◆ **Exercise details**:
Transcribe the listing below only from the line with "Context (R : realType)." up to and including the line with "tnth m i) ^+ 2.".

◆ **Supplied material**:
---+---

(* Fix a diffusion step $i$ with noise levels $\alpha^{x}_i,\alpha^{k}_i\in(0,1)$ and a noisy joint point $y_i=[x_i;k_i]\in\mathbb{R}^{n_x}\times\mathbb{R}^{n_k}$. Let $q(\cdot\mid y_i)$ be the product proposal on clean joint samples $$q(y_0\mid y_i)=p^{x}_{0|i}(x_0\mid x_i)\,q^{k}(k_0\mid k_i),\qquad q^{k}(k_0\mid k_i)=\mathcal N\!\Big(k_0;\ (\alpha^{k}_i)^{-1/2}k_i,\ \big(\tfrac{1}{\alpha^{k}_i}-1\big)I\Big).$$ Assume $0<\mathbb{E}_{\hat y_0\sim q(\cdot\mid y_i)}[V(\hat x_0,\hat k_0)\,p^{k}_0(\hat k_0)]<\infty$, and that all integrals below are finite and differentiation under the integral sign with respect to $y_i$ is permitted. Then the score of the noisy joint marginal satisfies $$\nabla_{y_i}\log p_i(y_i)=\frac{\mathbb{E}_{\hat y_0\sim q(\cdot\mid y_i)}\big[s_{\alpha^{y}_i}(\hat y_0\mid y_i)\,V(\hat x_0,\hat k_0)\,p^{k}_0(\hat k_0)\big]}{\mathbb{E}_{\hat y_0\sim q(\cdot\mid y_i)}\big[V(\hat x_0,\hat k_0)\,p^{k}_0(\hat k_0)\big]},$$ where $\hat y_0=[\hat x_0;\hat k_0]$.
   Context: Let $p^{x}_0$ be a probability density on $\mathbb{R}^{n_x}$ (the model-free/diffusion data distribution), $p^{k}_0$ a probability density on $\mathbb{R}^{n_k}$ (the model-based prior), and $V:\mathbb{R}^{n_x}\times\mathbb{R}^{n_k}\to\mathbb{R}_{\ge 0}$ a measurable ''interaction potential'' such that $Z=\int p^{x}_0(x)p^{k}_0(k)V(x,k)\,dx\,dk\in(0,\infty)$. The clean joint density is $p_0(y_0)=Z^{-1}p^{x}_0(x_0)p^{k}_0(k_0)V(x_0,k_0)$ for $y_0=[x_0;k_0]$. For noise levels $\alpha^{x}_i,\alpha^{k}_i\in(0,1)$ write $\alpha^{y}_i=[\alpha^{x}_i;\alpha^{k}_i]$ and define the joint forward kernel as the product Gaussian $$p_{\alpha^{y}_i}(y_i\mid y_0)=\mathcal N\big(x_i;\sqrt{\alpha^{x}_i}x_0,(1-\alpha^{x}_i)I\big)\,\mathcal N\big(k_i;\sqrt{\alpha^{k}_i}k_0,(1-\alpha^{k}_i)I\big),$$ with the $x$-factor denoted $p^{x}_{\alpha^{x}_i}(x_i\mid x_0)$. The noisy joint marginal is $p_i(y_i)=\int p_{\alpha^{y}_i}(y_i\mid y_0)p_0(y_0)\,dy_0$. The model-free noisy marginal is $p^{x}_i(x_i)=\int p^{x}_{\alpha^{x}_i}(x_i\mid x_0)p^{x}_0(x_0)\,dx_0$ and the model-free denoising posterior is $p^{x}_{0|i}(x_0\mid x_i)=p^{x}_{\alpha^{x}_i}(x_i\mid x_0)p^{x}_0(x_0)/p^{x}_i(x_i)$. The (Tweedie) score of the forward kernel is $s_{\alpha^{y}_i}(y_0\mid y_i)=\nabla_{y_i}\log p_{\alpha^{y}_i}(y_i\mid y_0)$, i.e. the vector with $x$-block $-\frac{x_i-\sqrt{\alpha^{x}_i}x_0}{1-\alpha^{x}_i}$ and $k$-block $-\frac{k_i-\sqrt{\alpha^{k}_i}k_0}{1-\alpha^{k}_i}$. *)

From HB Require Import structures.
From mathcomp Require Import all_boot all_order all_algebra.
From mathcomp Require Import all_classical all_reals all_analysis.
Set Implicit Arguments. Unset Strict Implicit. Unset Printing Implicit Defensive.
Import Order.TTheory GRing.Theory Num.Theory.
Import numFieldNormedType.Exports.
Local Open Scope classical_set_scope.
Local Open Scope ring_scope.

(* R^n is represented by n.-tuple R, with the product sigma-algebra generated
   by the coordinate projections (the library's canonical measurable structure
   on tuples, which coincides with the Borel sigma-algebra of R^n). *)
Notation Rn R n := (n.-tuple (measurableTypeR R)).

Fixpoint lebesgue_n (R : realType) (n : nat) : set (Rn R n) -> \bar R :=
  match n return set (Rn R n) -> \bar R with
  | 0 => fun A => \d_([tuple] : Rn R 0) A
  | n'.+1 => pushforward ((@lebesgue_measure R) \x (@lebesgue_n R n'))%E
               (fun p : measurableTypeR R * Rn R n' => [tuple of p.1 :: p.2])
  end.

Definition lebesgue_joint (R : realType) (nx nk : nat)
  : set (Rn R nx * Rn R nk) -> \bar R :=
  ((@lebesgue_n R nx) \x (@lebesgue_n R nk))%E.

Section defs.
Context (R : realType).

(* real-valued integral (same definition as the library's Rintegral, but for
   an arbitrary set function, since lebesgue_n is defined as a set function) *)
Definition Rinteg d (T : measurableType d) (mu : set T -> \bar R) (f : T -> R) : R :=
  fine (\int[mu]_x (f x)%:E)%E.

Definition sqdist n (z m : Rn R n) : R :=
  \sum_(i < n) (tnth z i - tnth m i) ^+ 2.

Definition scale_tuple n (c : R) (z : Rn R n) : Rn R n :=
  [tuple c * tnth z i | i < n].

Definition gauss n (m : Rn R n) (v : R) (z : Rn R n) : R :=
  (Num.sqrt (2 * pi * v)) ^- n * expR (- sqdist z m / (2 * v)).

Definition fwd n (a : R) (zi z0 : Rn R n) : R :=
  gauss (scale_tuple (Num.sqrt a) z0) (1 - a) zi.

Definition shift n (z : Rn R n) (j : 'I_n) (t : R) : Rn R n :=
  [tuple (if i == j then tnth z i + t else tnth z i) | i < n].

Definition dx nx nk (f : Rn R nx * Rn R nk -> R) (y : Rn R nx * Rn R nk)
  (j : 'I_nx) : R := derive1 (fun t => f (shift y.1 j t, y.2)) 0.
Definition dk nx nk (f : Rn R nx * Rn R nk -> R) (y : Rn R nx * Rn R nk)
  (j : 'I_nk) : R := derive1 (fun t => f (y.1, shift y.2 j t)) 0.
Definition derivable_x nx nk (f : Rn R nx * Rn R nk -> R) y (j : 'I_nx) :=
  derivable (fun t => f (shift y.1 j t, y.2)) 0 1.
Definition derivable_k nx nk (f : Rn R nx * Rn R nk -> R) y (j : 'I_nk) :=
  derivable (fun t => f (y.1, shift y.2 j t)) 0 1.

---+---

◆ **Exercise answer**:
Context (R : realType).

(* real-valued integral (same definition as the library's Rintegral, but for
   an arbitrary set function, since lebesgue_n is defined as a set function) *)
Definition Rinteg d (T : measurableType d) (mu : set T -> \bar R) (f : T -> R) : R :=
  fine (\int[mu]_x (f x)%:E)%E.

Definition sqdist n (z m : Rn R n) : R :=
  \sum_(i < n) (tnth z i - tnth m i) ^+ 2.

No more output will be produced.